Momordicine I (M-I), a key bioactive and bitter-tasting triterpenoid in Momordica charantia L., has attracted significant research interest due to its potential hepatoprotective effects. This study investigated the mechanism by which M-I ameliorates lipid accumulation and metaflammation in alcohol-associated liver disease (ALD). Mouse primary hepatocytes were stimulated with ethanol and silenced with Nurr1-siRNA, treated with a conditioned medium from mouse peritoneal macrophages (MPMs), and then treated with M-I. M-I was administered to ALD mice by gavage, and a Nurr1-deficient model was established to systematically evaluate the effect of M-I and the function of Nurr1. Results indicated that M-I could significantly upregulate Nurr1 expression, thereby inhibiting the key factors of lipid synthesis. Meanwhile, it improves mitochondrial respiratory function, inhibits NLRC4/NLRC5 inflammasome activation, and reduces pro-inflammatory factor release.
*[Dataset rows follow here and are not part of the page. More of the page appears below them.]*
(* Let $\mathcal{X}$ be a finite set, $\underline{Q}$ a lower transition rate operator on $\mathcal{L}(\mathcal{X})$, $t>0$, and let $\Gamma\colon[0,t]\to\mathcal{L}(\mathcal{X})$ be continuously differentiable with $\frac{d}{ds}\Gamma(s)\ge\underline{Q}\Gamma(s)$ (pointwise) for all $s\in[0,t]$. Then $\min\Gamma(t)\ge\min\Gamma(0)$.
   Context: $\mathcal{L}(\mathcal{X})$ is the set of real-valued functions on $\mathcal{X}$ (identified with $\mathbb{R}^{\mathcal{X}}$) with pointwise operations and order, real constants identified with constant functions, $\mathbb{I}_y$ the indicator of $\{y\}$. A lower transition rate operator is a map $\underline{Q}\colon\mathcal{L}(\mathcal{X})\to\mathcal{L}(\mathcal{X})$ such that for all $f,g$, $\lambda\ge0$, $\mu\in\mathbb{R}$, $x,y\in\mathcal{X}$: $\underline{Q}(\mu)=0$; $\underline{Q}(f+g)\ge\underline{Q}f+\underline{Q}g$; $\underline{Q}(\lambda f)=\lambda\underline{Q}f$; $x\ne y\Rightarrow\underline{Q}(\mathbb{I}_y)(x)\ge0$. *)

From HB Require Import structures.
From mathcomp Require Import all_boot all_order all_algebra.
From mathcomp Require Import all_classical all_reals all_analysis.
Set Implicit Arguments. Unset Strict Implicit. Unset Printing Implicit Defensive.
Import Order.TTheory GRing.Theory Num.Theory.
Import numFieldNormedType.Exports.
Local Open Scope classical_set_scope.
Local Open Scope ring_scope.

(* L(X) is identified with X -> R. *)

Definition lower_transition_rate_operator (R : realType) (X : finType)
    (Q : (X -> R) -> (X -> R)) : Prop :=
  [/\ (forall mu : R, Q (fun _ => mu) = (fun _ => 0)),
      (forall (f g : X -> R) (x : X), Q f x + Q g x <= Q (fun z => f z + g z) x),
      (forall (lam : R) (f : X -> R), 0 <= lam ->
          Q (fun z => lam * f z) = (fun z => lam * Q f z)) &
      (forall x y : X, x != y -> 0 <= Q (fun z => if z == y then 1 else 0) x)].

(* [l] is the derivative of [f] at [s] relative to the set [A]
   (one-sided at boundary points of an interval A). *)
Definition has_deriv_within (R : realType) (A : set R) (f : R -> R) (s l : R) : Prop :=
  (fun h : R => h^-1 * (f (s + h) - f s))
    @ within [set h : R | h != 0 /\ A (s + h)] (nbhs (0 : R)) --> l.

(* minimum of a function on a nonempty finite set (x0 witnesses nonemptiness) *)
Definition fmin (R : realType) (X : finType) (x0 : X) (f : X -> R) : R :=
  \big[Num.min/f x0]_(x : X) f x.

From HB Require Import structures.
From mathcomp Require Import all_boot all_order all_algebra.
From mathcomp Require Import all_classical all_reals all_analysis.
From mathcomp Require Import ring lra.
Set Implicit Arguments. Unset Strict Implicit. Unset Printing Implicit Defensive.
Import Order.TTheory GRing.Theory Num.Theory.
Import numFieldNormedType.Exports.
Local Open Scope classical_set_scope.
Local Open Scope ring_scope.

(* For eps > 0 the perturbed minimum  m(s) := min Gamma(s) + eps s  never drops
   below m(0); this is shown by real induction on [0, t].  The bound passes to
   limits from the left by continuity.  To the right of a time c, a coordinate z
   with Gamma(c) z + eps c > m(0) stays above m(0) for a while; one with equality
   attains the minimum of Gamma(c), so Q Gamma(c) z >= 0 by the sign condition on
   the off-diagonal entries of Q, and Gamma(.) z + eps . has right derivative at
   least eps > 0 at c.  Letting eps -> 0 gives the claim. *)

Section LowerTransitionRateOperator.
Variables (R : realType) (X : finType) (Q : (X -> R) -> (X -> R)).
Hypothesis HQ : lower_transition_rate_operator Q.

Lemma ltro_sum (I : Type) (r : seq I) (F : I -> X -> R) (x : X) :
  \sum_(i <- r) Q (F i) x <= Q (fun z => \sum_(i <- r) F i z) x.
Proof.
case: HQ => Q_cst Q_add _ _.
elim: r => [|a r IH].
  rewrite big_nil.
  have -> : (fun z : X => \sum_(i <- [::]) F i z) = (fun _ => 0).
    by apply: funext => z; rewrite big_nil.
  by rewrite Q_cst.
rewrite big_cons.
have -> : (fun z : X => \sum_(i <- a :: r) F i z) =
          (fun z => F a z + (fun z => \sum_(i <- r) F i z) z).
  by apply: funext => z; rewrite big_cons.
by apply: le_trans (Q_add _ _ _); rewrite lerD2l.
Qed.

Lemma ltro_ge0_at_min (f : X -> R) (x : X) :
  (forall z, f x <= f z) -> 0 <= Q f x.
Proof.
move=> f_min; case: (HQ) => Q_cst Q_add Q_hom Q_offdiag.
pose g z := f z - f x.
have Qg_le : Q g x <= Q f x.
  have := Q_add g (fun _ => f x) x.
  rewrite Q_cst addr0.
  by have -> : (fun z => g z + f x) = f by apply: funext => z; rewrite /g subrK.
have g_split : g = (fun z => \sum_(y : X) g y * (if z == y then 1 else 0)).
  apply: funext => z.
  rewrite (bigD1 z) //= eqxx mulr1 big1 ?addr0 // => y /negbTE yz.
  by rewrite eq_sym yz mulr0.
apply: le_trans Qg_le; rewrite g_split.
apply: le_trans (ltro_sum _ (fun y z => g y * (if z == y then 1 else 0)) x).
apply: sumr_ge0 => y _.
have gy_ge0 : 0 <= g y by rewrite subr_ge0.
rewrite Q_hom //; case: (eqVneq x y) => [<-|xy].
  by rewrite /g subrr mul0r.
by rewrite mulr_ge0 // Q_offdiag.
Qed.

End LowerTransitionRateOperator.

Section DerivativeWithin.
Variables (R : realType) (A : set R) (f : R -> R) (c l : R).
Hypothesis f_deriv : has_deriv_within A f c l.

Lemma has_deriv_within_approx e : 0 < e ->
  exists2 d, 0 < d & forall s, A s -> `|s - c| < d ->
    `|f s - f c - l * (s - c)| <= e * `|s - c|.
Proof.
move=> e_gt0.
move/cvgrPdist_lt: f_deriv => /(_ e e_gt0) /nbhs_ballP [d d_gt0 Hd].
exists d => // s As sc_d.
have [->|sc] := eqVneq s c; first by rewrite !subrr !(mulr0, normr0, subr0).
have sc_neq0 : s - c != 0 by rewrite subr_eq0.
have := Hd (s - c); rewrite /ball /= sub0r normrN => /(_ sc_d).
rewrite addrCA subrr addr0 => /(_ (conj sc_neq0 As)) close.
have -> : f s - f c - l * (s - c) = (s - c) * ((s - c)^-1 * (f s - f c) - l).
  by field.
by rewrite normrM mulrC ler_wpM2r // distrC ltW.
Qed.

Lemma has_deriv_within_ge_right e : 0 < e ->
  exists2 d, 0 < d & forall u, A u -> c <= u < c + d ->
    f c + (l - e) * (u - c) <= f u.
Proof.
move=> e_gt0; have [d d_gt0 Hd] := has_deriv_within_approx e_gt0.
exists d => // u Au /andP[cu ud].
have uc_norm : `|u - c| = u - c by rewrite ger0_norm // subr_ge0.
have uc_d : `|u - c| < d by rewrite uc_norm; lra.
move: (Hd u Au uc_d); rewrite uc_norm ler_norml => /andP[lo _].
by rewrite mulrBl; lra.
Qed.

Lemma has_deriv_within_ge_left m r0 : 0 < r0 ->
  (forall r, 0 < r < r0 -> A (c - r) /\ m <= f (c - r)) -> m <= f c.
Proof.
move=> r0_gt0 below; apply/ler_addgt0Pr => e e_gt0.
have [d d_gt0 Hd] := has_deriv_within_approx ltr01.
pose K := `|l| + 1.
have K_gt0 : 0 < K by rewrite ltr_pwDr.
pose mu := Num.min (Num.min r0 d) (e / K).
have mu_gt0 : 0 < mu by rewrite !lt_min r0_gt0 d_gt0 divr_gt0.
pose r := mu / 2.
have r_gt0 : 0 < r by rewrite divr_gt0.
have r_lt_mu : r < mu by rewrite /r; lra.
have [r_lt_r0 r_lt_d r_lt_eK] : [/\ r < r0, r < d & r < e / K].
  by split; apply: lt_le_trans r_lt_mu _; rewrite !ge_min lexx ?orbT.
have [Acr m_le] : A (c - r) /\ m <= f (c - r) by apply: below; rewrite r_gt0.
have := Hd (c - r) Acr.
rewrite (_ : c - r - c = - r); last by ring.
rewrite normrN gtr0_norm // => /(_ r_lt_d); rewrite ler_norml => /andP[_ hi].
have slope : l * - r <= `|l| * r.
  by rewrite mulrN -mulNr ler_wpM2r ?(ltW r_gt0) // -normrN ler_norm.
have rK : r * K < e by rewrite -ltr_pdivlMr.
have rK_eq : r * K = `|l| * r + r by rewrite /K mulrDr mulr1 mulrC.
lra.
Qed.

End DerivativeWithin.

Section RealInduction.
Variables (R : realType) (a b : R) (P : R -> Prop).

Lemma real_induction :
  (forall c, a <= c <= b -> (forall u, a <= u < c -> P u) -> P c) ->
  (forall c, a <= c < b -> P c ->
     exists2 d, 0 < d & forall u, c < u <= b -> u < c + d -> P u) ->
  forall s, a <= s <= b -> P s.
Proof.
move=> closed_left open_right s /andP[as_ sb].
have [//|notPs] := pselect (P s); exfalso.
pose S := [set u | a <= u <= b /\ ~ P u].
have Ss : S s by split; first by rewrite as_.
have S_lb : lbound S a by move=> u [/andP[]].
have S_hlb : has_lbound S by exists a.
pose c := inf S.
have ac : a <= c := lb_le_inf (ex_intro _ s Ss) S_lb.
have cs : c <= s := ge_inf S_hlb Ss.
have cb : c <= b := le_trans cs sb.
have below : forall u, a <= u < c -> P u.
  move=> u /andP[au uc]; have [//|notPu] := pselect (P u).
  have Su : S u by split; first by rewrite au (le_trans (ltW uc) cb).
  by have := ge_inf S_hlb Su; rewrite leNgt uc.
have Pc : P c by apply: closed_left; rewrite ?ac.
have cb_lt : c < b.
  rewrite lt_neqAle cb andbT; apply/eqP => cb_eq.
  by apply: notPs; have -> : s = c by apply/eqP; rewrite eq_le cs cb_eq sb.
have [d d_gt0 right] : exists2 d, 0 < d & forall u, c < u <= b -> u < c + d -> P u.
  by apply: open_right; rewrite ?ac.
have [u Su ud] := inf_adherent d_gt0 (conj (ex_intro _ s Ss) S_hlb).
have cu : c <= u := ge_inf S_hlb Su.
case: Su => /andP[_ ub] notPu.
have cu_lt : c < u by rewrite lt_neqAle cu andbT; apply/eqP => cu_eq; rewrite -cu_eq in notPu.
by apply: notPu; apply: right; rewrite ?cu_lt.
Qed.

End RealInduction.

Lemma uniform_radius (R : realType) (I : finType) (D : set R) (c : R)
    (P : I -> R -> Prop) :
  (forall i, exists2 d, 0 < d & forall u, D u -> u < c + d -> P i u) ->
  exists2 d, 0 < d & forall u, D u -> u < c + d -> forall i, P i u.
Proof.
move=> radius.
have /choice[d d_spec] : forall i, exists d, 0 < d /\
    forall u, D u -> u < c + d -> P i u.
  by move=> i; have [d d_gt0 Hd] := radius i; exists d.
exists (\big[Num.min/1]_i d i).
  apply: (big_ind (fun v => 0 < v)) => // [v w v_gt0 w_gt0|i _].
    by rewrite lt_min v_gt0 w_gt0.
  by case: (d_spec i).
move=> u Du u_lt i; case: (d_spec i) => _; apply => //.
by apply: lt_le_trans u_lt _; rewrite lerD2l bigmin_le.
Qed.

Lemma affine_ge_near0 (R : realType) (m a l : R) :
  m <= a -> (a = m -> 0 <= l) ->
  exists2 d, 0 < d & forall v, 0 <= v < d -> m <= a + l * v.
Proof.
move=> ma tight.
have [l_ge0|l_lt0] := lerP 0 l.
  by exists 1 => // v /andP[v_ge0 _]; have := mulr_ge0 l_ge0 v_ge0; lra.
have ma_lt : m < a.
  rewrite lt_neqAle ma andbT; apply/eqP => am.
  by have := tight (esym am); rewrite leNgt l_lt0.
have nl_gt0 : 0 < - l by rewrite oppr_gt0.
exists ((a - m) / - l) => [|v /andP[v_ge0]]; first by rewrite divr_gt0 ?subr_gt0.
rewrite ltr_pdivlMr // mulrN => v_lt.
by rewrite mulrC; lra.
Qed.

Section Barrier.
Variables (R : realType) (X : finType) (x0 : X) (Q : (X -> R) -> (X -> R)).
Variables (t : R) (Gamma Gamma' : R -> X -> R).
Hypothesis HQ : lower_transition_rate_operator Q.
Hypothesis Gamma_deriv : forall x s, s \in `[0, t] ->
  has_deriv_within [set` `[0, t]] (fun u => Gamma u x) s (Gamma' s x).
Hypothesis Gamma'_ge : forall s, s \in `[0, t] -> forall x, Q (Gamma s) x <= Gamma' s x.
Variables (eps : R).
Hypothesis eps_gt0 : 0 < eps.

Let above_barrier s := forall z, fmin x0 (Gamma 0) <= Gamma s z + eps * s.

Lemma barrier_left c : 0 <= c <= t ->
  (forall u, 0 <= u < c -> above_barrier u) -> above_barrier c.
Proof.
move=> /andP[c_ge0 ct] below z.
have [->|c_neq0] := eqVneq c 0; first by rewrite mulr0 addr0 /fmin bigmin_le.
have c_gt0 : 0 < c by rewrite lt_neqAle eq_sym c_neq0.
have cin : c \in `[0, t] by rewrite in_itv /= c_ge0.
rewrite -lerBlDr; apply: (has_deriv_within_ge_left (Gamma_deriv (x := z) cin) c_gt0).
move=> r /andP[r_gt0 rc]; split; first by rewrite /= in_itv /=; lra.
have := below (c - r) ltac:(lra) z.
have := mulr_gt0 eps_gt0 r_gt0; rewrite mulrBr; lra.
Qed.

Lemma barrier_right c : 0 <= c < t -> above_barrier c ->
  exists2 d, 0 < d & forall u, c < u <= t -> u < c + d -> above_barrier u.
Proof.
move=> /andP[c_ge0 ct] above_c.
apply: uniform_radius => z.
have cin : c \in `[0, t] by rewrite in_itv /= c_ge0 ltW.
have [d1 d1_gt0 slope] := has_deriv_within_ge_right (Gamma_deriv (x := z) cin) eps_gt0.
have tight_slope : Gamma c z + eps * c = fmin x0 (Gamma 0) -> 0 <= Gamma' c z.
  move=> tight; apply: le_trans (Gamma'_ge cin z); apply: (ltro_ge0_at_min HQ) => w.
  by have := above_c w; rewrite -tight; lra.
have [d2 d2_gt0 affine] := affine_ge_near0 (above_c z) tight_slope.
exists (Num.min d1 d2) => [|u /andP[cu ut]]; first by rewrite lt_min d1_gt0.
rewrite -ltrBlDl lt_min => /andP[ud1 ud2].
have uin : [set` `[0, t]] u by rewrite /= in_itv /= ut andbT; lra.
have := slope u uin ltac:(rewrite ltW //=; lra).
have := affine (u - c) ltac:(rewrite subr_ge0 ltW //=).
rewrite mulrBl (_ : eps * u = eps * c + eps * (u - c)); last by ring.
lra.
Qed.

Lemma barrier_everywhere s : 0 <= s <= t -> above_barrier s.
Proof. exact: real_induction barrier_left barrier_right s. Qed.

End Barrier.

Theorem lemma3 (R : realType) (X : finType) (x0 : X)
    (Q : (X -> R) -> (X -> R)) (t : R)
    (Gamma Gamma' : R -> X -> R) :
  lower_transition_rate_operator Q ->
  0 < t ->
  (forall x : X, forall s : R, s \in `[0, t] ->
      has_deriv_within [set` `[0, t]] (fun u => Gamma u x) s (Gamma' s x)) ->
  (forall x : X, {within [set` `[0, t]], continuous (fun s => Gamma' s x)}) ->
  (forall s : R, s \in `[0, t] -> forall x : X, Q (Gamma s) x <= Gamma' s x) ->
  fmin x0 (Gamma 0) <= fmin x0 (Gamma t).
Proof.
move=> HQ t_gt0 Gamma_deriv _ Gamma'_ge.
apply/ler_addgt0Pr => e e_gt0.
have eps_gt0 : 0 < e / t by rewrite divr_gt0.
have barrier_t := barrier_everywhere x0 HQ Gamma_deriv Gamma'_ge eps_gt0.
have bound y : fmin x0 (Gamma 0) - e <= Gamma t y.
  have := barrier_t t ltac:(rewrite ltW //= lexx) y.
  by rewrite divfK ?gt_eqF // lerBlDr.
rewrite -lerBlDr; apply: le_bigmin => [|y _]; exact: bound.
Qed.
It is notable that M-I or C-DIM12 inhibits the expression of NLRC4 inflammasome and pyroptosis-related proteins in cells, reducing IL-1β as well as IL-18 secretion. Furthermore, M-I can effectively block the pro-inflammatory effect of the conditioned culture of activated macrophages on hepatocytes. Silencing of Nurr1 eliminates M-I's beneficial effects. In vivo, M-I intervention effectively improved liver steatosis, serum transaminase levels and mitochondrial function, while Nurr1 knockdown mice exhibited more severe ALD. In summary, M-I exerts liver-protective effects by targeting Nurr1, synergistically regulating lipid metabolism and mitochondrial function in hepatocytes, and inhibiting inflammatory responses. This study clarifies the new mechanism of M-I based on Nurr1, providing an important basis for its development as a therapeutic drug for ALD.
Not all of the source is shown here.